Lightstep incident

Ingestion and web UI outage

Major Resolved View vendor source →

Lightstep experienced a major incident on July 21, 2022 affecting US - Trace Assembly and PagerDuty Events API and 1 more component, lasting 56m. The incident has been resolved; the full update timeline is below.

Started
Jul 21, 2022, 08:05 PM UTC
Resolved
Jul 21, 2022, 09:02 PM UTC
Duration
56m
Detected by Pingoru
Jul 21, 2022, 08:05 PM UTC

Affected components

US - Trace AssemblyPagerDuty Events APIUS - Service DirectoryUS - Unified AlertingUS - DashboardsUS - Streams AlertingUS - Trace StatisticsSlack Apps/IntegrationsUS - NotebooksUS - Metrics

Update timeline

  1. investigating Jul 21, 2022, 07:35 PM UTC

    We are currently investigating this issue.

  2. investigating Jul 21, 2022, 07:35 PM UTC

    We are continuing to investigate this issue.
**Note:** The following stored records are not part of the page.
(* In the finite-horizon reinsurance model of the context, define non-negative coefficients recursively by $a_{N-1}=1$, $a_n=1+\beta a_{n+1}$; $\underline c_{N-1}=\operatorname{ess\,sup}(Z_N)$, $\underline c_n=(1+\beta a_{n+1})\operatorname{ess\,sup}(Z_{n+1})+\beta\underline c_{n+1}$; $\bar c_{N-1}=\rho_{N-1}(Y_N)+\pi_{R,N-1}(Y_N)$, $\bar c_n=\rho_n\big((1+\beta a_{n+1})Y_{n+1}\big)+(1+\beta a_{n+1})\pi_{R,n}(Y_{n+1})+\beta\bar c_{n+1}$, for $n=N-2,\dots,0$, and the decreasing functions $\underline b_n(x)=-\underline c_n-a_nx^+$, $\bar b_n(x)=\bar c_n+a_nx^-$. Then for every policy $\pi\in\Pi$, every $n=0,\dots,N-1$ and every history $h_n=(x_0,f_0,\dots,x_n)\in\mathcal H_n$, $$\underline b_n(x_n)\le V_{n\pi}(h_n)\le \bar b_n(x_n).$$
   Context: Probability space $(\Omega,\mathcal A,\mathbb P)$, $p\in[1,\infty)$, $L^p$ real random variables with finite $p$-th moment, $L^p_+$ the nonnegative ones; positive values are losses. For a map $\rho:L^p\to\bar{\mathbb R}$ (risk measure) or $\pi:L^p_+\to\bar{\mathbb R}$ (premium principle): law-invariant means equal values for equally distributed arguments; monotone means $X\le X'$ a.s. implies $\rho(X)\le\rho(X')$; translation invariant means $\rho(X+c)=\rho(X)+c$ for $c\in\mathbb R$; normalized means $\rho(0)=0$; monetary means monotone and translation invariant; Fatou property means: $X_k\to X$ a.s., $X_k,X\in L^p$, $|X_k|\le W$ a.s. for some $W\in L^p$ imply $\liminf_k\rho(X_k)\ge\rho(X)$. $\mathcal F=\{f:\mathbb R_+\to\mathbb R_+ : f(t)\le t\ \forall t,\ f\text{ increasing},\ \mathrm{id}_{\mathbb R_+}-f\text{ increasing}\}$ with the metric of compact convergence. Finite-horizon model: horizon $N\in\mathbb N$, discount factor $\beta\in(0,1]$; $(Y_n,Z_n)_{n\ge1}$ an independent sequence of random vectors with $Y_n\in L^p_+$ (claims) and $Z_n\in L^\infty_+$ (premium income). For $n=0,\dots,N-1$: $\pi_{R,n}:L^p_+\to\bar{\mathbb R}$ is a law-invariant, monotone, normalized premium principle with the Fatou property and $\pi_{R,n}(Y_{n+1})<\infty$, and $\pi_{R,n}(f):=\pi_{R,n}(Y_{n+1}-f(Y_{n+1}))$ for $f\in\mathcal F$; $\rho_n:L^p\to\bar{\mathbb R}$ is a law-invariant, normalized monetary risk measure with the Fatou property such that $\rho_n(\lambda Y_{n+1})<\infty$ for all $\lambda\ge0$. Admissible actions $D_n(x)$ are either $\mathcal F$ for all $x$ (unconstrained) or $\{f\in\mathcal F:\pi_{R,n}(f)\le x^+\}$ (budget-constrained). Histories: $\mathcal H_0=\mathbb R$, $\mathcal H_n$ is the set of $h_n=(x_0,f_0,x_1,\dots,f_{n-1},x_n)$ with $x_k\in\mathbb R$, $f_k\in D_k(x_k)$. A policy $\pi=(d_0,\dots,d_{N-1})\in\Pi$ consists of measurable $d_n:\mathcal H_n\to\mathcal F$ with $d_n(h_n)\in D_n(x_n)$. Policy values: $V_{N\pi}\equiv0$ and $$V_{n\pi}(h_n)=\rho_n\Big(d_n(h_n)(Y_{n+1})+\pi_{R,n}(d_n(h_n))-Z_{n+1}-x_n+\beta V_{n+1,\pi}\big(h_n,d_n(h_n),x_n+Z_{n+1}-d_n(h_n)(Y_{n+1})-\pi_{R,n}(d_n(h_n))\big)\Big).$$ Standing assumption: the risk measures are such that all policy values are measurable functions of the history (so that the arguments of $\rho_n$ are random variables). $\operatorname{ess\,sup}$ denotes the essential supremum. *)

From HB Require Import structures.
From mathcomp Require Import all_boot all_order all_algebra.
From mathcomp Require Import all_classical all_reals all_analysis.
From mathcomp Require Import ess_sup_inf.
Set Implicit Arguments. Unset Strict Implicit. Unset Printing Implicit Defensive.
Import Order.TTheory GRing.Theory Num.Theory Num.Def.
Import numFieldNormedType.Exports.
Local Open Scope classical_set_scope.
Local Open Scope ring_scope.
(* Let $\alpha_1,\dots,\alpha_4$ be constants, $H=H(t,t^-,q,q^-,p,p^-)$ smooth, and $X=\xi\partial_t+\eta\partial_q+\nu\partial_p$ (coefficients functions of $(t,q,p)$) such that $\Omega=0$. Let $C$ and $P$ be as defined below. If, on the solutions of the local extremal equation $F_H=\xi\frac{\delta\tilde H}{\delta t}+\eta\frac{\delta\tilde H}{\delta q}+\nu\frac{\delta\tilde H}{\delta p}=0$, one has $(S_+-1)P=D(V)$ for some function $V(t^+,t,t^-,q^+,q,q^-,p^+,p,p^-)$, then $I=C-V$ is a differential first integral, i.e. $D(I)=0$ on the solutions of $F_H=0$.
   Context: Constant delay $\tau>0$; $t^\pm=t\pm\tau$, $f^\pm=f(t\pm\tau)$; scalar $q,p$. $S_\pm$ are the forward/backward shift operators on expressions; $\xi^\pm=S_\pm(\xi)$ etc.; $H^+=S_+(H)$. $D$ is the total derivative acting on variables at $t^-,t,t^+$. $\tilde H=p^{-}(\alpha_{1}\dot{q}+\alpha_{2}\dot{q}^{-})+p(\alpha_{3}\dot{q}+\alpha_{4}\dot{q}^{-})-H$; $\frac{\delta\tilde H}{\delta p}=\alpha_1\dot q^++(\alpha_2+\alpha_3)\dot q+\alpha_4\dot q^--\partial_p(H+H^+)$, $\frac{\delta\tilde H}{\delta q}=-\big(\alpha_4\dot p^++(\alpha_2+\alpha_3)\dot p+\alpha_1\dot p^-+\partial_q(H+H^+)\big)$, $\frac{\delta\tilde H}{\delta t}=D[\alpha_2(p\dot q-p^-\dot q^-)+\alpha_4(p^+\dot q-p\dot q^-)]+D(H)-\partial_t(H+H^+)$. $\Omega=\nu^{-}(\alpha_{1}\dot{q}+\alpha_{2}\dot{q}^{-})+p^{-}(\alpha_{1}D(\eta)+\alpha_{2}D(\eta^{-}))+\nu(\alpha_{3}\dot{q}+\alpha_{4}\dot{q}^{-})+p(\alpha_{3}D(\eta)+\alpha_{4}D(\eta^{-}))+(\alpha_{2}p^{-}+\alpha_{4}p)\dot{q}^{-}D(\xi-\xi^{-})-\xi H_t-\eta H_q-\nu H_p-\xi^{-}H_{t^-}-\eta^{-}H_{q^-}-\nu^{-}H_{p^-}-HD(\xi)$ (invariance condition of the Hamiltonian). $C=\eta(\alpha_{4}p^{+}+(\alpha_{2}+\alpha_{3})p+\alpha_{1}p^{-})-\xi\big(\alpha_{2}(p\dot{q}-p^{-}\dot{q}^{-})+\alpha_{4}(p^{+}\dot{q}-p\dot{q}^{-})+H\big)$, $P=(\alpha_{2}p^{-}+\alpha_{4}p)D(\eta^{-})+\nu^{-}(\alpha_{1}\dot{q}+\alpha_{2}\dot{q}^{-})-(\alpha_{2}p^{-}+\alpha_{4}p)\dot{q}^{-}D(\xi^{-})-\xi^{-}H_{t^-}-\eta^{-}H_{q^-}-\nu^{-}H_{p^-}$. Equations are considered with $t^+-t=t-t^-=\tau$. *)

From HB Require Import structures.
From mathcomp Require Import all_boot all_order all_algebra.
From mathcomp Require Import all_classical all_reals all_analysis.

Import Order.TTheory GRing.Theory Num.Theory.
Import numFieldNormedType.Exports.
Local Open Scope ring_scope.

Section Delay.
Variable R : realType.

Definition vec3 (a b c : R) : 'rV[R]_3 := \row_(i < 3) nth 0 [:: a; b; c] i.
Definition vec6 (a b c d e f : R) : 'rV[R]_6 :=
  \row_(i < 6) nth 0 [:: a; b; c; d; e; f] i.
Definition vec9 (a b c d e f g h k : R) : 'rV[R]_9 :=
  \row_(i < 9) nth 0 [:: a; b; c; d; e; f; g; h; k] i.

Definition partial {n : nat} (i : 'I_n) (f : 'rV[R]_n -> R) : 'rV[R]_n -> R :=
  fun x => 'D_(delta_mx 0 i) f x.

Fixpoint iter_partial {n : nat} (l : seq 'I_n) (f : 'rV[R]_n -> R) :=
  match l with
  | [::] => f
  | i :: l' => partial i (iter_partial l' f)
  end.

Definition smooth {n : nat} (f : 'rV[R]_n -> R) : Prop :=
  forall l : seq 'I_n, continuous (iter_partial l f) /\
    forall (i : 'I_n) (x : 'rV[R]_n), derivable (iter_partial l f) x (delta_mx 0 i).

Definition smooth1 (f : R -> R) : Prop :=
  forall (n : nat) (x : R), derivable (derive1n n f) x 1.

Section Traj.
Variables (a1 a2 a3 a4 tau : R).
Variables (H : 'rV[R]_6 -> R) (xi eta nu : 'rV[R]_3 -> R).
Variables (q p : R -> R).

Definition pt3 (s : R) : 'rV[R]_3 := vec3 s (q s) (p s).
Definition pt6 (s : R) : 'rV[R]_6 :=
  vec6 s (s - tau) (q s) (q (s - tau)) (p s) (p (s - tau)).

Definition cmp3 (g : 'rV[R]_3 -> R) (s : R) : R := g (pt3 s).
Definition sh3 (g : 'rV[R]_3 -> R) (s : R) : R := g (pt3 (s - tau)).

Definition qd (s : R) : R := derive1 q s.
Definition pd (s : R) : R := derive1 p s.

(* partial derivatives of H, variables ordered (t, t^-, q, q^-, p, p^-),
   i.e. H_t = dlHk 0, H_{t^-} = dlHk 1, H_q = dlHk 2, H_{q^-} = dlHk 3,
   H_p = dlHk 4, H_{p^-} = dlHk 5, evaluated at the point of time s *)
Definition dlHk (k : nat) (s : R) : R := partial (inord k : 'I_6) H (pt6 s).

Definition dlOmega (t : R) : R :=
  sh3 nu t * (a1 * qd t + a2 * qd (t - tau))
  + p (t - tau) * (a1 * derive1 (cmp3 eta) t + a2 * derive1 (sh3 eta) t)
  + cmp3 nu t * (a3 * qd t + a4 * qd (t - tau))
  + p t * (a3 * derive1 (cmp3 eta) t + a4 * derive1 (sh3 eta) t)
  + (a2 * p (t - tau) + a4 * p t) * qd (t - tau)
      * derive1 (fun s => cmp3 xi s - sh3 xi s) t
  - cmp3 xi t * dlHk 0 t - cmp3 eta t * dlHk 2 t - cmp3 nu t * dlHk 4 t
  - sh3 xi t * dlHk 1 t - sh3 eta t * dlHk 3 t - sh3 nu t * dlHk 5 t
  - H (pt6 t) * derive1 (cmp3 xi) t.

(* variational derivatives of tilde H; H^+ = H at pt6 (t + tau) *)
Definition dHt_dp (t : R) : R :=
  a1 * qd (t + tau) + (a2 + a3) * qd t + a4 * qd (t - tau)
  - (dlHk 4 t + dlHk 5 (t + tau)).

Definition dHt_dq (t : R) : R :=
  - (a4 * pd (t + tau) + (a2 + a3) * pd t + a1 * pd (t - tau)
     + (dlHk 2 t + dlHk 3 (t + tau))).
Local Open Scope complex_scope.

Definition log_det_hess {R : realType} {q : nat} (h : Rq R q -> R) (y : Rq R q) : R :=
  ln (\det (hess_metric h y)).

Section HessianKoszul.
Context {R : realType} {q : nat} (U : set (Rq R q)) (h : Rq R q -> R).
Hypotheses (oU : open U) (h_smooth : smooth_on U h)
  (h_posdef : forall y, U y -> posdef (hess_metric h y)).

Lemma twice_differentiable_det_hess :
  twice_differentiable_on U (fun y => \det (hess_metric h y)).
Proof.
apply: twice_differentiable_det => // k l z Uz.
have -> : (fun y => hess_metric h y k l) = Defs.iterD [:: ev l; ev k] h.
  by apply/funext => y; rewrite mxE.
by split=> [|w]; [exact: (h_smooth [:: _; _]) | exact: (h_smooth [:: _; _; _])].
Qed.

Lemma det_hess_gt0 y : U y -> 0 < \det (hess_metric h y).
Proof. by move=> Uy; apply: posdef_det_gt0; exact: (h_posdef Uy).2. Qed.

Lemma first_koszulE y i : U y -> first_koszul h y i = 2^-1 * pd i (log_det_hess h) y.
Proof.
exact: (derive_sqrt_comp_div twice_differentiable_det_hess det_hess_gt0).
Qed.

Lemma second_koszulE y i j : U y ->
  second_koszul h y i j = 2^-1 * pd j (pd i (log_det_hess h)) y.
Proof.
move=> Uy; rewrite /second_koszul /pd.
rewrite (@near_eq_derive _ _ _ _ (fun z => 2^-1 *: 'D_(ev i) (log_det_hess h) z)).
  apply: deriveZ; apply: diff_derivable.
  exact: (differentiable_derive_ln_comp oU twice_differentiable_det_hess det_hess_gt0).
near=> z; rewrite first_koszulE //; near: z; exact: open_nbhs_nbhs.
Unshelve. all: by end_near. Qed.

Lemma log_det_hessC y i j : U y ->
  pd j (pd i (log_det_hess h)) y = pd i (pd j (log_det_hess h)) y.
Proof.
move=> Uy; rewrite /pd /log_det_hess.
exact: (derive_ln_compC oU twice_differentiable_det_hess det_hess_gt0 _ _ Uy).
Qed.

End HessianKoszul.

Lemma det_normal_kahler_metric {R : realType} {q : nat} (h : Rq R q -> R) (y xi : Rq R q) :
  \det (normal_kahler_metric h y xi) = (\det (hess_metric h y))%:C.
Proof.
have -> : normal_kahler_metric h y xi = map_mx (real_complex R) (hess_metric h y).
  by apply/matrixP => a b; rewrite !mxE.
by rewrite det_map_mx.
Qed.

Lemma dz_dzbar_fibre_const {R : realType} {q : nat} (i j : 'I_q)
    (F : Rq R q -> R) (y xi : Rq R q) :
  dz_dzbar i j (fun y' _ => F y') y xi = (4^-1 * pd i (pd j F) y)%:C.
Proof.
have Dcst (c : R) (k : 'I_q) x : 'D_(ev k) ((fun=> c) : Rq R q -> R) x = 0.
  exact: derive_cst.
have DcstE (c : R) (k : 'I_q) : 'D_(ev k) ((fun=> c) : Rq R q -> R) = fun=> 0.
  by apply/funext => x; rewrite Dcst.
rewrite /dz_dzbar /pdy /pdxi /pd DcstE !Dcst.
rewrite (_ : (fun y' : Rq R q => 'D_(ev j) ((fun=> F y') : Rq R q -> R) xi) = fun=> 0).
  by rewrite Dcst subrr mulr0 !addr0 -rmorphM.
by apply/funext => y'; rewrite Dcst.
Qed.
Theorem mainTheorem2 (n k : nat) (I : 'I_n -> {set 'I_n})
  (M : {set {set 'I_n}}) (j : 'I_n) :
  is_necklace k I ->
  M = positroid_of k I ->
  necklace_perm I j != j ->
  forall a : 'I_n,
    let M' := [set H in M | j \in H] in
    let K := if j \in I a then I a
             else (I a :\ cmax a (I a :\: I j)) :|: [set j] in
    K \in M' /\ (forall H, H \in M' -> gale a K H).
Proof.
move=> neckI -> moved a M' K; have j_Ij := necklace_perm_moved moved.
have inM' H : (H \in M') = [&& #|H| == k, [forall t, gale t (I t) H] & j \in H].
  by rewrite !inE andbA.
rewrite /K; case: ifP => [j_Ia | /negbT j_Ia].
  split=> [|H]; last by rewrite inM' => /and3P [_ /forallP].
  rewrite inM' (necklace_card neckI) eqxx j_Ia andbT.
  by apply/forallP => t; apply: necklace_gale neckI t a.
have D0 : I a :\: I j != set0.
  apply: contraNneq j_Ia => /eqP; rewrite setD_eq0 => sub_aj.
  suff -> : I a = I j by [].
  by apply/eqP; rewrite eqEcard sub_aj !(necklace_card neckI) leqnn.
have [] := cmaxP a D0; set m := cmax a _; rewrite inE => /andP [m_Ij m_Ia] m_max.
have {}m_max : {in I a, forall y, y \notin I j -> crank a y <= crank a m}.
  by move=> y ya yj; apply: m_max; rewrite inE yj ya.
split=> [|H].
- rewrite inM' !inE eqxx orbT andbT (card_exchange neckI j_Ia m_Ia) eqxx /=.
  by apply/forallP => t; apply: exchange_above_necklace.
- rewrite inM' => /and3P [/eqP cardH /forallP galeH j_H].
  by apply: exchange_below_basis.
Qed.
  3. investigating Jul 21, 2022, 07:48 PM UTC

    We are still actively investigating this issue, and will provide another update shortly.

  4. investigating Jul 21, 2022, 08:05 PM UTC

    We have now identified the issue and are actively implementing mitigations.

  5. identified Jul 21, 2022, 08:20 PM UTC

    We have mitigated issues with metric ingestion. Trace ingestion, assembly and alerting are still experiencing degraded performance for some customers.

  6. monitoring Jul 21, 2022, 08:30 PM UTC

    We have resolved issues with trace ingestion, assembly and alerting and believe the issue has been resolved, but are actively monitoring.

  7. resolved Jul 21, 2022, 09:02 PM UTC

    All components are operational.

  8. postmortem Jul 29, 2022, 12:21 AM UTC

    ### Summary Lightstep UI and Data Ingest experienced an outage triggered by a planned database change on July 21st. This database change caused a service failure, which led to a cascading failure in dependent services. Action was taken to restore the service in a degraded mode, which recovered the Lightstep UI. A subsequent roll back of the database change restored all systems and services. ### Timeline 12:22 PM: A database change was run causing a service to become unavailable. 12:25 PM: Cascading failures impact Lightstep UI and ingestion. Ingested data loss begins. 12:35 PM: Incident declared in status page. 12:49 PM: Root cause identified, service brought back in a degraded mode, recovery begins. 13:01 PM: Several systems stabilize, Lightstep UI recovers. 13:17 PM: Database change rolled back. Remaining affected services begin recovering. 13:30 PM: Ingestion recovers. Incident resolved, status page updated to “mitigated and monitoring”. 14:02 PM: Status page updated to fully operational. ### Action Items * Adding automated checks on code changes with database changes to help prevent the original root cause * Enabling the directly affected service to continue to serve traffic in a degraded state, rather than failing entirely. * Making architectural changes to Lightstep’s Data Ingest path to prevent data loss in these situations by continuing to accept and buffer incoming traffic.